> TASK DESCRIPTION
Filter the records below for the word "IntegralMatrices". Copy each line that holds it.

==== DATASET RECORDS ====

(* For every $f:\{0,1\}^d\to\{0,1\}$, with $x,y,z$ sampled uniformly and independently from $\{0,1\}^d$, $$\Pr[(x,y)\text{ violates linearity}]\le 3\varepsilon_f,\qquad \Pr[(x,y)\text{ and }(x,z)\text{ both violate linearity}]\le\varepsilon_f+4\varepsilon_f^2.$$
   Context: A pair $(x,y)\in(\{0,1\}^d)^2$ violates linearity (for $f$) if $f(x)+f(y)\neq f(x\oplus y)$ (mod 2), where $\oplus$ is bitwise XOR. $\varepsilon_f$ (distance of $f$ to linearity) is the minimum over linear $g$ of $\Pr_{x\sim\{0,1\}^d}[f(x)\neq g(x)]$, where $g:\{0,1\}^d\to\{0,1\}$ is linear if $g(x)=\sum_{i\in S}x[i]\bmod2$ for some $S\subseteq[d]$. *)

From mathcomp Require Import all_boot all_order all_algebra.
Set Implicit Arguments. Unset Strict Implicit. Unset Printing Implicit Defensive.
Import Order.TTheory GRing.Theory Num.Theory.

(* Points of {0,1}^d: finite functions 'I_d -> bool (bool = F_2, addition = xor). *)
Definition cube (d : nat) := {ffun 'I_d -> bool}.

Definition bxor d (x y : cube d) : cube d := [ffun i => x i (+) y i].

Definition linfun_S d (S : {set 'I_d}) (x : cube d) : bool :=
  odd (\sum_(i in S) (x i : nat)).

Definition violates d (f : cube d -> bool) (x y : cube d) : bool :=
  (f x (+) f y) != f (bxor x y).

Local Open Scope ring_scope.

Definition dist_lin d (f : cube d -> bool) (S : {set 'I_d}) : rat :=
  #|[set x : cube d | f x != linfun_S S x]|%:R / (2 ^ d)%:R.

(* eps_f = min over linear g (i.e. over S) of the disagreement probability *)
Definition eps_lin d (f : cube d -> bool) : rat :=
  \big[Num.min/1]_(S : {set 'I_d}) dist_lin f S.

Definition pr_viol d (f : cube d -> bool) : rat :=
  #|[set p : cube d * cube d | violates f p.1 p.2]|%:R / (2 ^ d * 2 ^ d)%:R.

Definition pr_viol2 d (f : cube d -> bool) : rat :=
  #|[set p : cube d * (cube d * cube d) |
      violates f p.1 p.2.1 && violates f p.1 p.2.2]|%:R
  / (2 ^ d * 2 ^ d * 2 ^ d)%:R.

From mathcomp Require Import all_boot all_order all_algebra.
From mathcomp Require Import ring lra.
Import Order.TTheory GRing.Theory Num.Theory.
Local Open Scope ring_scope.

(* Fix a linear function g = linfun_S S and let A be the set of points where f
   and g disagree.  Since g(x) + g(y) = g(x xor y), a pair (x, y) can only
   violate linearity for f if one of x, y, x xor y lies in A.  Writing
   "partner b x y" for y (b = false) or x xor y (b = true), a violation at
   (x, y) thus forces x in A or some partner of (x, y) in A.  For fixed x,
   every partner map y |-> partner b x y is a bijection of the cube, so each
   of these events has probability |A|/2^d = dist_lin f S; the union bound
   gives Pr[(x,y) violates] <= 3 dist_lin f S.  For two violations sharing x,
   either x is in A, or a partner of (x, y) and a partner of (x, z) both lie
   in A: four events of probability dist_lin f S ^ 2 each, which gives the
   bound dist_lin f S + 4 dist_lin f S ^ 2.  Both bounds hold for every S and
   trivially for the value 1 (probabilities are at most 1), hence for their
   minimum eps_lin f. *)

Lemma card_bigcup_le (U I : finType) (A : I -> {set U}) :
  (#|\bigcup_i A i| <= \sum_i #|A i|)%N.
Proof.
apply: (big_ind2 (fun (X : {set U}) n => #|X| <= n)%N) => // [|X m Y n hX hY].
  by rewrite cards0.
exact: leq_trans (leq_card_setU X Y).1 (leq_add hX hY).
Qed.

Lemma card_fst_in (T X : finType) (A : {set T}) :
  #|[set p : T * X | p.1 \in A]| = (#|A| * #|X|)%N.
Proof.
have -> : [set p : T * X | p.1 \in A] = setX A [set: X].
  by apply/setP => p; rewrite !inE andbT.
by rewrite cardsX cardsT.
Qed.

Lemma card_fiberwise_inj (T X : finType) (g : T -> X -> X) (B : {set X}) :
  (forall x, injective (g x)) ->
  #|[set p : T * X | g p.1 p.2 \in B]| = (#|T| * #|B|)%N.
Proof.
move=> g_inj.
have shear_inj : injective (fun p : T * X => (p.1, g p.1 p.2)).
  by move=> [x u] [x' u'] /= [<-] /g_inj ->.
have -> : [set p : T * X | g p.1 p.2 \in B] =
    (fun p : T * X => (p.1, g p.1 p.2)) @^-1: setX [set: T] B.
  by apply/setP => p; rewrite !inE.
by rewrite card_preimset // cardsX cardsT.
Qed.

Section Cube.
Variable d : nat.
Local Notation T := (cube d).

Lemma linfun_S_bxor (S : {set 'I_d}) (x y : T) :
  linfun_S S (bxor x y) = linfun_S S x (+) linfun_S S y.
Proof.
rewrite /linfun_S !(big_morph odd oddD (id1 := false)) // -big_split /=.
by apply: eq_bigr => i _; rewrite ffunE; case: (x i); case: (y i).
Qed.

Lemma bxorK (x y : T) : bxor x (bxor x y) = y.
Proof. by apply/ffunP => i; rewrite !ffunE addKb. Qed.

Definition partner (b : bool) (x y : T) : T := if b then bxor x y else y.

Lemma partner_inj b x : injective (partner b x).
Proof. by case: b => y z //= e; rewrite -(bxorK x y) e bxorK. Qed.

Variables (f : T -> bool) (S : {set 'I_d}).

Definition disagree : {set T} := [set x | f x != linfun_S S x].

Lemma violates_disagree (x y : T) : violates f x y ->
  (x \in disagree) || [exists b, partner b x y \in disagree].
Proof.
rewrite /violates; apply: contraLR; rewrite negb_or negb_exists negbK.
move=> /andP [x_ok /forallP y_ok].
have agree b : f (partner b x y) = linfun_S S (partner b x y).
  by apply/eqP; move: (y_ok b); rewrite inE negbK.
move: x_ok; rewrite inE negbK => /eqP ->.
by rewrite (agree false) (agree true) /= linfun_S_bxor.
Qed.

Local Notation a := #|disagree|.

Lemma card_violations :
  (#|[set p : T * T | violates f p.1 p.2]| <= 3 * (a * #|T|))%N.
Proof.
pose E b := [set p : T * T | partner b p.1 p.2 \in disagree].
have cover : [set p : T * T | violates f p.1 p.2] \subset
    [set p : T * T | p.1 \in disagree] :|: \bigcup_b E b.
  apply/subsetP => p; rewrite inE => /violates_disagree viol; apply/setUP.
  case/orP: viol => [x_bad | /existsP [b p_bad]]; first by left; rewrite inE.
  by right; apply/bigcupP; exists b; rewrite // inE.
have cardE b : #|E b| = (#|T| * a)%N by apply: card_fiberwise_inj; exact: partner_inj.
apply: leq_trans (subset_leq_card cover) _.
apply: leq_trans (leq_card_setU _ _).1 _.
rewrite card_fst_in (leq_trans (leq_add (leqnn _) (@card_bigcup_le _ _ E))) //.
rewrite (eq_bigr _ (fun b _ => cardE b)) sum_nat_const card_bool.
by rewrite (mulnC #|T|) (mulSn 2).
Qed.

Lemma card_double_violations :
  (#|[set p : T * (T * T) | violates f p.1 p.2.1 && violates f p.1 p.2.2]|
     <= a * (#|T| * #|T|) + 4 * (#|T| * (a * a)))%N.
Proof.
pose E (bc : bool * bool) := [set p : T * (T * T) |
  (partner bc.1 p.1 p.2.1, partner bc.2 p.1 p.2.2) \in setX disagree disagree].
have cover : [set p : T * (T * T) | violates f p.1 p.2.1 && violates f p.1 p.2.2]
    \subset [set p : T * (T * T) | p.1 \in disagree] :|: \bigcup_bc E bc.
  apply/subsetP => p; rewrite inE => /andP [/violates_disagree y_viol].
  move=> /violates_disagree z_viol; apply/setUP.
  case/orP: y_viol => [x_bad | /existsP [b y_bad]]; first by left; rewrite inE.
  case/orP: z_viol => [x_bad | /existsP [c z_bad]]; first by left; rewrite inE.
  by right; apply/bigcupP; exists (b, c); rewrite // inE inE /= y_bad.
have cardE bc : #|E bc| = (#|T| * (a * a))%N.
  rewrite -cardsX; apply: (@card_fiberwise_inj _ _
    (fun x (yz : T * T) => (partner bc.1 x yz.1, partner bc.2 x yz.2))).
  by move=> x [y z] [y' z'] [/partner_inj -> /partner_inj ->].
apply: leq_trans (subset_leq_card cover) _.
apply: leq_trans (leq_card_setU _ _).1 _.
rewrite card_fst_in card_prod (leq_trans (leq_add (leqnn _) (@card_bigcup_le _ _ E))) //.
rewrite (eq_bigr _ (fun bc _ => cardE bc)) sum_nat_const card_prod card_bool.
exact: leqnn. (* 2 * 2 computes to 4 *)
Qed.

End Cube.

Section Probabilities.
Variable R : numFieldType.

Lemma ratio_bound_pairs (v a N : nat) : (0 < N)%N -> (v <= 3 * (a * N))%N ->
  v%:R / (N * N)%:R <= 3 * ((a%:R : R) / N%:R).
Proof.
move=> N_gt0 le_v; rewrite ler_pdivrMr ?ltr0n ?muln_gt0 ?N_gt0 //.
have -> : 3 * ((a%:R : R) / N%:R) * (N * N)%:R = (3 * (a * N))%:R.
  by rewrite !natrM; field; rewrite pnatr_eq0 -lt0n.
by rewrite ler_nat.
Qed.

Lemma ratio_bound_triples (v a N : nat) : (0 < N)%N ->
  (v <= a * (N * N) + 4 * (N * (a * a)))%N ->
  v%:R / (N * N * N)%:R <= (a%:R : R) / N%:R + 4 * ((a%:R : R) / N%:R) ^+ 2.
Proof.
move=> N_gt0 le_v; rewrite ler_pdivrMr ?ltr0n ?muln_gt0 ?N_gt0 //.
have -> : ((a%:R : R) / N%:R + 4 * ((a%:R : R) / N%:R) ^+ 2) * (N * N * N)%:R
    = (a * (N * N) + 4 * (N * (a * a)))%:R.
  by rewrite natrD !natrM; field; rewrite pnatr_eq0 -lt0n.
by rewrite ler_nat.
Qed.

Lemma ratio_le1 (v M : nat) : (0 < M)%N -> (v <= M)%N -> (v%:R : R) / M%:R <= 1.
Proof. by move=> M_gt0 le_v; rewrite ler_pdivrMr ?ltr0n // mul1r ler_nat. Qed.

End Probabilities.

Section Bounds.
Variables (d : nat) (f : cube d -> bool).

Lemma card_cube : #|cube d| = (2 ^ d)%N.
Proof. by rewrite card_ffun card_bool card_ord. Qed.

Lemma cube_size_gt0 : (0 < 2 ^ d)%N.
Proof. by rewrite expn_gt0. Qed.

(* Probabilities are at most 1: this covers the default value of the minimum. *)
Lemma pr_viol_le1 : pr_viol f <= 1.
Proof.
apply: ratio_le1; first by rewrite muln_gt0 cube_size_gt0.
by rewrite -card_cube -card_prod max_card.
Qed.

Lemma pr_viol2_le1 : pr_viol2 f <= 1.
Proof.
apply: ratio_le1; first by rewrite !muln_gt0 cube_size_gt0.
by rewrite -card_cube -mulnA -!card_prod max_card.
Qed.

Lemma pr_viol_dist_lin S : pr_viol f <= 3 * dist_lin f S.
Proof.
apply: ratio_bound_pairs; first exact: cube_size_gt0.
by rewrite -card_cube; exact: card_violations.
Qed.

Lemma pr_viol2_dist_lin S :
  pr_viol2 f <= dist_lin f S + 4 * dist_lin f S ^+ 2.
Proof.
apply: ratio_bound_triples; first exact: cube_size_gt0.
by rewrite -card_cube; exact: card_double_violations.
Qed.

End Bounds.

Theorem claimB3 (d : nat) (f : cube d -> bool) :
  pr_viol f <= 3 * eps_lin f /\
  pr_viol2 f <= eps_lin f + 4 * eps_lin f ^+ 2.
Proof.
(* eps_lin f is a minimum over the values 1 and dist_lin f S; the bounds hold
   for each of them and a minimum is one of its arguments. *)
apply: (big_ind (fun e => pr_viol f <= 3 * e /\ pr_viol2 f <= e + 4 * e ^+ 2)).
- have := pr_viol_le1 d f; have := pr_viol2_le1 d f; split; lra.
- by move=> e e' he he'; rewrite /Num.min; case: ifP.
- by move=> S _; split; [exact: pr_viol_dist_lin | exact: pr_viol2_dist_lin].
Qed.
Lemma aff_mulg1 g : aff_mul g (aff_one R n) = g.
Proof. by case: g => a A; rewrite /aff_mul /= mulmx0 addr0 mulmx1. Qed.

Lemma aff_mulgV g : g.2 \in unitmx -> aff_mul g (aff_inv g) = aff_one R n.
Proof.
by case: g => a A /= uA; rewrite /aff_mul /= mulmxN mulmxA mulmxV // mul1mx subrr.
Qed.

Lemma aff_mul_translg z g : aff_mul (z, 1%:M) g = (z + g.1, g.2).
Proof. by rewrite /aff_mul /= !mul1mx. Qed.

Lemma aff_mulg_transl g z : aff_mul g (z, 1%:M) = (g.1 + g.2 *m z, g.2).
Proof. by rewrite /aff_mul /= !mulmx1. Qed.

Lemma aff_mul_transl d e : aff_mul (d, 1%:M) (e, 1%:M) = (d + e, 1%:M).
Proof. by rewrite aff_mul_translg. Qed.

Lemma xi_transl d g : xi (d, 1%:M) g = (d + g.1 - g.2 *m d, g.2).
Proof.
by case: g => a A; rewrite /xi /aff_mul /aff_inv /= invmx1 !mul1mx mulmx1 mulmxN.
Qed.

Lemma xi_translE d g : xi (d, 1%:M) g = aff_mul (d - g.2 *m d, 1%:M) g.
Proof. by rewrite xi_transl aff_mul_translg addrAC. Qed.

Lemma xi_transl_mul d g h :
  xi (d, 1%:M) (aff_mul g h) = aff_mul (xi (d, 1%:M) g) (xi (d, 1%:M) h).
Proof.
rewrite !xi_transl /aff_mul /=; congr pair.
by rewrite !mulmxDr !mulmxN mulmxA !addrA subrK.
Qed.

Lemma xi_translD d e g : xi (d, 1%:M) (xi (e, 1%:M) g) = xi (d + e, 1%:M) g.
Proof.
by rewrite !xi_transl /=; congr pair; rewrite mulmxDr opprD !addrA [in RHS]addrAC.
Qed.

Lemma xi_transl0 g : xi (0, 1%:M) g = g.
Proof. by rewrite xi_transl mulmx0 subr0 add0r; case: g. Qed.

End AffineAlgebra.

Section IntegralMatrices.
Context {R : archiNumDomainType} {m n : nat}.
Implicit Types (u v : 'M[R]_(m, n)).

Lemma intmxN u : u \is a mxOver Num.int -> - u \is a mxOver Num.int.
Proof. by move=> /mxOverP u_int; apply/mxOverP => i j; rewrite mxE rpredN. Qed.

Lemma intmxB u v :
  u \is a mxOver Num.int -> v \is a mxOver Num.int -> u - v \is a mxOver Num.int.
Proof.
by move=> /mxOverP u_int /mxOverP v_int; apply/mxOverP => i j; rewrite !mxE rpredB.
Qed.

Lemma intmx_sum (I : Type) (r : seq I) (P : pred I) (F : I -> 'M[R]_(m, n)) :
  (forall i, P i -> F i \is a mxOver Num.int) ->
  \sum_(i <- r | P i) F i \is a mxOver Num.int.
Proof.
move=> F_int; apply/mxOverP => i j; rewrite summxE rpred_sum // => k Pk.
exact/mxOverP/F_int.
Qed.

Lemma intmx_delta i j : (delta_mx i j : 'M[R]_(m, n)) \is a mxOver Num.int.
Proof. by apply/mxOverP => k l; rewrite mxE natr_int. Qed.

End IntegralMatrices.

Lemma mx_eq_on_int (R : archiNumDomainType) (n : nat) (A B : 'M[R]_n) :
  (forall z : 'cV[R]_n, z \is a mxOver Num.int -> A *m z = B *m z) -> A = B.
Proof.
move=> eqAB; apply/matrixP => i j.
have /(congr1 (fun v : 'cV_n => v i 0)) := eqAB _ (intmx_delta j 0).
by rewrite -!colE !mxE.
Qed.

Lemma int_bounded_repr (R : archiNumDomainType) (K : nat) (a : R) :
  a \is a Num.int -> `|a| <= K%:R -> exists k : 'I_(K.*2.+1), a = k%:R - K%:R.
Proof.
move=> a_int a_le; set m := Num.floor a.
have aE : a = m%:~R by rewrite floorK.
have m_le : `|m| <= K%:Z by rewrite -(ler_int R) intr_norm -aE.
have m_lt : (absz (m + K%:Z)%R < K.*2.+1)%N by lia.
exists (Ordinal m_lt) => /=.
by rewrite natr_absz ger0_norm ?intrD -?aE ?addrK //; lia.
Qed.

Lemma ler_sum_term {R : numDomainType} {I : finType} (F : I -> R) (i : I) :
  (forall j, 0 <= F j) -> F i <= \sum_j F j.
Proof. by move=> F_ge0; rewrite (bigD1 i) //= lerDl sumr_ge0. Qed.

Lemma orthomx_entry_le1 (R : realFieldType) (n : nat) (Q : 'M[R]_n) i j :
  Q^T *m Q = 1%:M -> `|Q i j| <= 1.
Proof.
move=> /(congr1 (fun M : 'M[R]_n => M j j)); rewrite !mxE eqxx /= => col_norm1.
rewrite -(expr_le1 (_ : (0 < 2)%N)) // real_normK ?num_real //.
apply: le_trans (_ : _ <= \sum_k Q^T j k * Q k j) _; last by rewrite col_norm1.
have := ler_sum_term (fun k => Q^T j k * Q k j) i; rewrite /= mxE -expr2; apply=> k.
by rewrite mxE -expr2 sqr_ge0.
Qed.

====

> OUTPUT
Section IntegralMatrices.
End IntegralMatrices.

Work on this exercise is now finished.